- **EXERCISE DETAILS**: Let the output be exactly the lines from the one containing "RInt (fun x => c" through the end of the records below, both included.

ENTRIES SUPPLIED START

(* The large deviation functions of the tracer position have the following asymptotics as $|\xi|\to\infty$: $$\phi_a(\xi)\simeq\rho|\xi|,\qquad \phi_q(\xi)\simeq\frac{\rho}{3\sigma^2}|\xi|^3 .$$ Here $\simeq$ means the ratio tends to $1$.
   Context: System: Brownian point particles on $\mathbb{R}$ with hard-core repulsion. Free single-particle propagator: $g(z,t\mid y,0)=(\pi\sigma^2 t)^{-1/2}\exp[-(z-y)^2/(\sigma^2 t)]$. The tracer starts at the origin. The other particles' initial positions form a Poisson point process of intensity $\rho>0$. $\phi_a$ is the annealed large deviation function of the tracer position: $$\phi_a(\xi)=\frac{\rho\sigma}{2}\big[\sqrt{h(\xi/\sigma)}-\sqrt{h(-\xi/\sigma)}\big]^2,\qquad h(\xi)=\int_\xi^\infty\operatorname{erfc}(\eta)\,d\eta .$$ $\phi_q$ is the quenched large deviation function, given parametrically by $$\phi_q(\xi)=\rho B\xi-\rho\sigma I(B),\qquad \xi=\sigma I'(B),$$ $$I(B)=\int_0^\infty\ln[1+\sinh^2(B/2)\operatorname{erfc}(\eta)\operatorname{erfc}(-\eta)]\,d\eta,$$ and extended to negative $\xi$ by $\phi_q(-\xi)=\phi_q(\xi)$. $\operatorname{erfc}(x)=\frac{2}{\sqrt\pi}\int_x^\infty e^{-u^2}du$. *)

From Stdlib Require Import Reals ClassicalEpsilon.
Open Scope R_scope.

(* The (proper) Riemann integral of f over [a,b], when it exists
   (chosen by classical description; value irrelevant otherwise). *)
Definition RInt (f : R -> R) (a b : R) : R :=
  epsilon (inhabits 0)
    (fun l => exists pr : Riemann_integrable f a b, RiemannInt pr = l).

Definition is_int_to_infty (f : R -> R) (a l : R) : Prop :=
  (forall b, a <= b -> exists pr : Riemann_integrable f a b, True) /\
  (forall eps, 0 < eps -> exists M, forall b, M <= b -> a <= b ->
      Rabs (RInt f a b - l) < eps).

Definition Int_to_infty (f : R -> R) (a : R) : R :=
  epsilon (inhabits 0) (fun l => is_int_to_infty f a l).

Definition erfc (x : R) : R :=
  2 / sqrt PI * Int_to_infty (fun u => exp (- (u * u))) x.

Definition h (xi : R) : R := Int_to_infty erfc xi.

Definition phi_a (rho sigma xi : R) : R :=
  rho * sigma / 2 * (sqrt (h (xi / sigma)) - sqrt (h (- xi / sigma))) ^ 2.

Definition I (B : R) : R :=
  Int_to_infty (fun eta => ln (1 + sinh (B / 2) ^ 2 * erfc eta * erfc (- eta))) 0.

Definition B_of (sigma xi : R) : R :=
  epsilon (inhabits 0)
    (fun B => 0 <= B /\ derivable_pt_lim I B (Rabs xi / sigma)).

(* quenched LDF: phi_q(xi) = rho B xi - rho sigma I(B), xi = sigma I'(B),
   for xi >= 0, extended evenly: phi_q(-xi) = phi_q(xi). *)
Definition phi_q (rho sigma xi : R) : R :=
  let B := B_of sigma xi in
  rho * B * Rabs xi - rho * sigma * I B.

Definition equiv_at_infty (f g : R -> R) : Prop :=
  forall eps, 0 < eps -> exists M, forall xi, M < Rabs xi ->
    Rabs (f xi / g xi - 1) < eps.

(* Annealed case: [erfc u + erfc (- u) = 2] gives [h (- v) = 2 v + h v], while
   [0 <= h v <= h 0] for [v >= 0].  With [v = |xi| / sigma] this makes [phi_a] equal to
   [rho sigma / 2 * (sqrt (2 v + h v) - sqrt (h v)) ^ 2 = rho |xi| + O(sqrt |xi|)].

   Quenched case: [erfc eta * erfc (- eta)] decays like a Gaussian and [sinh (B/2) ^ 2] is
   of order [exp B], so the integrand of [I (T ^ 2)] is [T ^ 2 - eta ^ 2 + O(1)] for
   [eta <= T] and negligible beyond; hence [I (T ^ 2) = 2/3 T ^ 3 + O(T ^ 2)].  [I] is convex
   and differentiable under the integral sign, with [I' 0 = 0], so [x = |xi| / sigma] is the
   slope of a supporting line of [I] at some [T ^ 2].  Comparing that line with the cubic
   bounds at [(T (1 +- eps)) ^ 2] squeezes [x = T (1 + o(1))], and then
   [phi_q = rho sigma (T ^ 2 x - I (T ^ 2)) = rho sigma x ^ 3 / 3 (1 + o(1))]. *)

From Pilot Require Import Defs.
From Stdlib Require Import Reals Psatz ClassicalEpsilon Classical FunctionalExtensionality.
From Coquelicot Require Import Coquelicot.
Open Scope R_scope.

(** * Riemann integrals of real functions *)

Lemma Defs_RInt_eq (f : R -> R) a b : ex_RInt f a b -> Defs.RInt f a b = RInt f a b.
Proof.
  intros Hf. unfold Defs.RInt.
  destruct (epsilon_spec (inhabits 0)
    (fun l => exists pr : Riemann_integrable f a b, RiemannInt pr = l)) as [pr <-].
  - exists (RiemannInt (ex_RInt_Reals_0 _ _ _ Hf)). now eexists.
  - symmetry; apply RInt_Reals.
Qed.

(* Coquelicot states the following for an arbitrary normed module, in terms of [plus], [scal]
   and [opp]; these real instances let them be used for rewriting and with [lra]. *)
Lemma ex_derive_continuous_R (f : R -> R) x : ex_derive f x -> continuous f x.
Proof. exact (ex_derive_continuous f x). Qed.

Lemma ex_RInt_continuous_R (f : R -> R) a b : (forall x, continuous f x) -> ex_RInt f a b.
Proof. intros Hf. now apply (ex_RInt_continuous (V := R_CompleteNormedModule)). Qed.

Lemma ex_RInt_Chasles_1_R (f : R -> R) a b c :
  a <= b <= c -> ex_RInt f a c -> ex_RInt f a b.
Proof. exact (ex_RInt_Chasles_1 f a b c). Qed.

Lemma RInt_ext_R (f g : R -> R) a b :
  (forall x, Rmin a b < x < Rmax a b -> f x = g x) -> RInt f a b = RInt g a b.
Proof. exact (RInt_ext f g a b). Qed.

Lemma RInt_swap_R (f : R -> R) a b : ex_RInt f a b -> RInt f b a = - RInt f a b.
Proof. intros Hf. now rewrite <- (opp_RInt_swap f a b Hf). Qed.

Lemma RInt_Chasles_R (f : R -> R) a b c : ex_RInt f a b -> ex_RInt f b c ->
  RInt f a c = RInt f a b + RInt f b c.
Proof. intros Hab Hbc. now rewrite <- (RInt_Chasles f a b c Hab Hbc). Qed.

Lemma RInt_plus_R (f g : R -> R) a b : ex_RInt f a b -> ex_RInt g a b ->
  RInt (fun x => f x + g x) a b = RInt f a b + RInt g a b.
Proof. exact (RInt_plus f g a b). Qed.

Lemma RInt_scal_R (f : R -> R) a b c : ex_RInt f a b ->
  RInt (fun x => c * f x) a b = c * RInt f a b.
Proof. exact (RInt_scal f a b c). Qed.

Lemma RInt_const_R a b c : RInt (fun _ => c) a b = (b - a) * c.
Proof. exact (RInt_const a b c). Qed.

Lemma RInt_comp_opp_R (f : R -> R) a b : (forall x, continuous f x) ->
  RInt (fun u => f (- u)) a b = - RInt f (- a) (- b).
Proof.
  intros Hf.
  assert (Hfo : ex_RInt (fun u => f (- u)) a b).
  { apply ex_RInt_continuous_R. intros x. apply (continuous_comp (fun u => - u)); [|apply Hf].
    apply ex_derive_continuous_R. auto_derive. auto. }
  assert (Hscal : RInt (fun u => -1 * f (- u)) a b = RInt f (- a) (- b)).
  { replace (- a) with (-1 * a + 0) by ring. replace (- b) with (-1 * b + 0) by ring.
    rewrite <- (RInt_comp_lin f (-1) 0 a b) by (apply ex_RInt_continuous_R; auto).
    apply RInt_ext_R. intros x _. now replace (-1 * x + 0) with (- x) by ring. }
  rewrite (RInt_scal_R (fun u => f (- u))) in Hscal by exact Hfo. lra.
Qed.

ENTRIES SUPPLIED END

- **RESPONSE BELOW**:
  RInt (fun x => c * f x) a b = c * RInt f a b.
Proof. exact (RInt_scal f a b c). Qed.

Lemma RInt_const_R a b c : RInt (fun _ => c) a b = (b - a) * c.
Proof. exact (RInt_const a b c). Qed.

Lemma RInt_comp_opp_R (f : R -> R) a b : (forall x, continuous f x) ->
  RInt (fun u => f (- u)) a b = - RInt f (- a) (- b).
Proof.
  intros Hf.
  assert (Hfo : ex_RInt (fun u => f (- u)) a b).
  { apply ex_RInt_continuous_R. intros x. apply (continuous_comp (fun u => - u)); [|apply Hf].
    apply ex_derive_continuous_R. auto_derive. auto. }
  assert (Hscal : RInt (fun u => -1 * f (- u)) a b = RInt f (- a) (- b)).
  { replace (- a) with (-1 * a + 0) by ring. replace (- b) with (-1 * b + 0) by ring.
    rewrite <- (RInt_comp_lin f (-1) 0 a b) by (apply ex_RInt_continuous_R; auto).
    apply RInt_ext_R. intros x _. now replace (-1 * x + 0) with (- x) by ring. }
  rewrite (RInt_scal_R (fun u => f (- u))) in Hscal by exact Hfo. lra.
Qed.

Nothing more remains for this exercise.